EXERCISE: Exact repetition of every record is required.
-- Opening Marker --
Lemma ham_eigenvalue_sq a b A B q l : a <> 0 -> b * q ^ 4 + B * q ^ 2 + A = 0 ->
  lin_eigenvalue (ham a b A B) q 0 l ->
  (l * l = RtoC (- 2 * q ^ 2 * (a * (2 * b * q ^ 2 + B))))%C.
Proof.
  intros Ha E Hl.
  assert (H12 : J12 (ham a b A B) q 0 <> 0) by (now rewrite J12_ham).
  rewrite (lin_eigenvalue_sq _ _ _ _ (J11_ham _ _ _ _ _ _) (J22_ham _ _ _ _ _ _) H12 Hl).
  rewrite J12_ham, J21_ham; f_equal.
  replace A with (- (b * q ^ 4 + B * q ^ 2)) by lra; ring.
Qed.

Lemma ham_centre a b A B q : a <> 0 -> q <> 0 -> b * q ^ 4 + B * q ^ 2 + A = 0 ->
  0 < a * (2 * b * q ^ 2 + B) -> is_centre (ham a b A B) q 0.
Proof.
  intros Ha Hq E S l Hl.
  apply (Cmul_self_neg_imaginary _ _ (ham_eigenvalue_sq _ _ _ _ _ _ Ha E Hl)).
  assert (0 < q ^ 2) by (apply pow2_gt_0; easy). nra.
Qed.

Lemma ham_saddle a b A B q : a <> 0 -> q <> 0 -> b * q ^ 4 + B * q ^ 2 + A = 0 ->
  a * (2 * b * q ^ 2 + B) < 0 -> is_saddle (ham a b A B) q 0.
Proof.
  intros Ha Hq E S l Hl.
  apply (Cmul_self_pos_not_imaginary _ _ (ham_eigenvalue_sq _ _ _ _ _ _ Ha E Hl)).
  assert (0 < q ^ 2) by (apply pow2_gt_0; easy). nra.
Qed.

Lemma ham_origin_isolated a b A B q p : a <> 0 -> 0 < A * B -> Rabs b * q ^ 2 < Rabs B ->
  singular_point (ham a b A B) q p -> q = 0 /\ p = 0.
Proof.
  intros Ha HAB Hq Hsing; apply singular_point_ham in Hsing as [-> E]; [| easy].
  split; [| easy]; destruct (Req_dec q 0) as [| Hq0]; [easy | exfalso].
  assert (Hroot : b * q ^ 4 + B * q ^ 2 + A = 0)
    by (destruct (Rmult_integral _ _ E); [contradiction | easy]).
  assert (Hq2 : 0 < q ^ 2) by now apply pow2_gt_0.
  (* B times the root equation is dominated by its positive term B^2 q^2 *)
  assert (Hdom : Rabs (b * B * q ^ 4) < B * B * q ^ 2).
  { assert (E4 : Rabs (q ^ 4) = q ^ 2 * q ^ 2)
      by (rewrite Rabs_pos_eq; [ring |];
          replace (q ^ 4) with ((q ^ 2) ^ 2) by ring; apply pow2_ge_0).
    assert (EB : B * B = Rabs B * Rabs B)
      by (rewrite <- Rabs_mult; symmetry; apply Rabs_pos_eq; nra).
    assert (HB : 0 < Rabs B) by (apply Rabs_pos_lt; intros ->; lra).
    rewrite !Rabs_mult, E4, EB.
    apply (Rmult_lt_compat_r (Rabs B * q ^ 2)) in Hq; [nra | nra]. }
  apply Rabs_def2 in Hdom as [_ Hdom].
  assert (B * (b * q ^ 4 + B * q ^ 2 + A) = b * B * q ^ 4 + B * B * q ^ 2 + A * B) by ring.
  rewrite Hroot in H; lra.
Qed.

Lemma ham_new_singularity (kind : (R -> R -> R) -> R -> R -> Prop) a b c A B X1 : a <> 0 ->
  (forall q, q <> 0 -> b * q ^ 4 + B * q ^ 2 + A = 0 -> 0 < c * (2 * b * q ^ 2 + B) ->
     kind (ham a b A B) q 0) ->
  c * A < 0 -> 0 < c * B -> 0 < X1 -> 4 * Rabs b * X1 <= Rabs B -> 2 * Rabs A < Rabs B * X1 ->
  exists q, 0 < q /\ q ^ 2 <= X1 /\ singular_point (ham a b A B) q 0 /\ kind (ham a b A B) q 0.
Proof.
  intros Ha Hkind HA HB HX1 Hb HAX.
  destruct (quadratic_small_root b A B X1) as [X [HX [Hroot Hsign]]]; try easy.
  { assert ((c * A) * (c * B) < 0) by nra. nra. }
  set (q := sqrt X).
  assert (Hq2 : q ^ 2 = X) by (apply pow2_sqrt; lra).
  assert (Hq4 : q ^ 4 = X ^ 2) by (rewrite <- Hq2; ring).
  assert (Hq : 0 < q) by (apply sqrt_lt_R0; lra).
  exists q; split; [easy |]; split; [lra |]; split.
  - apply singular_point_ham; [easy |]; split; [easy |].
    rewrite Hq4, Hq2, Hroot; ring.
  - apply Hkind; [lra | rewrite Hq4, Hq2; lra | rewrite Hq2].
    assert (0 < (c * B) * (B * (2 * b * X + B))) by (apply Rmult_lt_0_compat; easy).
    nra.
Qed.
-- Closing Marker --
RESULT BELOW:
Lemma ham_eigenvalue_sq a b A B q l : a <> 0 -> b * q ^ 4 + B * q ^ 2 + A = 0 ->
  lin_eigenvalue (ham a b A B) q 0 l ->
  (l * l = RtoC (- 2 * q ^ 2 * (a * (2 * b * q ^ 2 + B))))%C.
Proof.
  intros Ha E Hl.
  assert (H12 : J12 (ham a b A B) q 0 <> 0) by (now rewrite J12_ham).
  rewrite (lin_eigenvalue_sq _ _ _ _ (J11_ham _ _ _ _ _ _) (J22_ham _ _ _ _ _ _) H12 Hl).
  rewrite J12_ham, J21_ham; f_equal.
  replace A with (- (b * q ^ 4 + B * q ^ 2)) by lra; ring.
Qed.

Lemma ham_centre a b A B q : a <> 0 -> q <> 0 -> b * q ^ 4 + B * q ^ 2 + A = 0 ->
  0 < a * (2 * b * q ^ 2 + B) -> is_centre (ham a b A B) q 0.
Proof.
  intros Ha Hq E S l Hl.
  apply (Cmul_self_neg_imaginary _ _ (ham_eigenvalue_sq _ _ _ _ _ _ Ha E Hl)).
  assert (0 < q ^ 2) by (apply pow2_gt_0; easy). nra.
Qed.

Lemma ham_saddle a b A B q : a <> 0 -> q <> 0 -> b * q ^ 4 + B * q ^ 2 + A = 0 ->
  a * (2 * b * q ^ 2 + B) < 0 -> is_saddle (ham a b A B) q 0.
Proof.
  intros Ha Hq E S l Hl.
  apply (Cmul_self_pos_not_imaginary _ _ (ham_eigenvalue_sq _ _ _ _ _ _ Ha E Hl)).
  assert (0 < q ^ 2) by (apply pow2_gt_0; easy). nra.
Qed.

Lemma ham_origin_isolated a b A B q p : a <> 0 -> 0 < A * B -> Rabs b * q ^ 2 < Rabs B ->
  singular_point (ham a b A B) q p -> q = 0 /\ p = 0.
Proof.
  intros Ha HAB Hq Hsing; apply singular_point_ham in Hsing as [-> E]; [| easy].
  split; [| easy]; destruct (Req_dec q 0) as [| Hq0]; [easy | exfalso].
  assert (Hroot : b * q ^ 4 + B * q ^ 2 + A = 0)
    by (destruct (Rmult_integral _ _ E); [contradiction | easy]).
  assert (Hq2 : 0 < q ^ 2) by now apply pow2_gt_0.
  (* B times the root equation is dominated by its positive term B^2 q^2 *)
  assert (Hdom : Rabs (b * B * q ^ 4) < B * B * q ^ 2).
  { assert (E4 : Rabs (q ^ 4) = q ^ 2 * q ^ 2)
      by (rewrite Rabs_pos_eq; [ring |];
          replace (q ^ 4) with ((q ^ 2) ^ 2) by ring; apply pow2_ge_0).
    assert (EB : B * B = Rabs B * Rabs B)
      by (rewrite <- Rabs_mult; symmetry; apply Rabs_pos_eq; nra).
    assert (HB : 0 < Rabs B) by (apply Rabs_pos_lt; intros ->; lra).
    rewrite !Rabs_mult, E4, EB.
    apply (Rmult_lt_compat_r (Rabs B * q ^ 2)) in Hq; [nra | nra]. }
  apply Rabs_def2 in Hdom as [_ Hdom].
  assert (B * (b * q ^ 4 + B * q ^ 2 + A) = b * B * q ^ 4 + B * B * q ^ 2 + A * B) by ring.
  rewrite Hroot in H; lra.
Qed.

Lemma ham_new_singularity (kind : (R -> R -> R) -> R -> R -> Prop) a b c A B X1 : a <> 0 ->
  (forall q, q <> 0 -> b * q ^ 4 + B * q ^ 2 + A = 0 -> 0 < c * (2 * b * q ^ 2 + B) ->
     kind (ham a b A B) q 0) ->
  c * A < 0 -> 0 < c * B -> 0 < X1 -> 4 * Rabs b * X1 <= Rabs B -> 2 * Rabs A < Rabs B * X1 ->
  exists q, 0 < q /\ q ^ 2 <= X1 /\ singular_point (ham a b A B) q 0 /\ kind (ham a b A B) q 0.
Proof.
  intros Ha Hkind HA HB HX1 Hb HAX.
  destruct (quadratic_small_root b A B X1) as [X [HX [Hroot Hsign]]]; try easy.
  { assert ((c * A) * (c * B) < 0) by nra. nra. }
  set (q := sqrt X).
  assert (Hq2 : q ^ 2 = X) by (apply pow2_sqrt; lra).
  assert (Hq4 : q ^ 4 = X ^ 2) by (rewrite <- Hq2; ring).
  assert (Hq : 0 < q) by (apply sqrt_lt_R0; lra).
  exists q; split; [easy |]; split; [lra |]; split.
  - apply singular_point_ham; [easy |]; split; [easy |].
    rewrite Hq4, Hq2, Hroot; ring.
  - apply Hkind; [lra | rewrite Hq4, Hq2; lra | rewrite Hq2].
    assert (0 < (c * B) * (B * (2 * b * X + B))) by (apply Rmult_lt_0_compat; easy).
    nra.
Qed.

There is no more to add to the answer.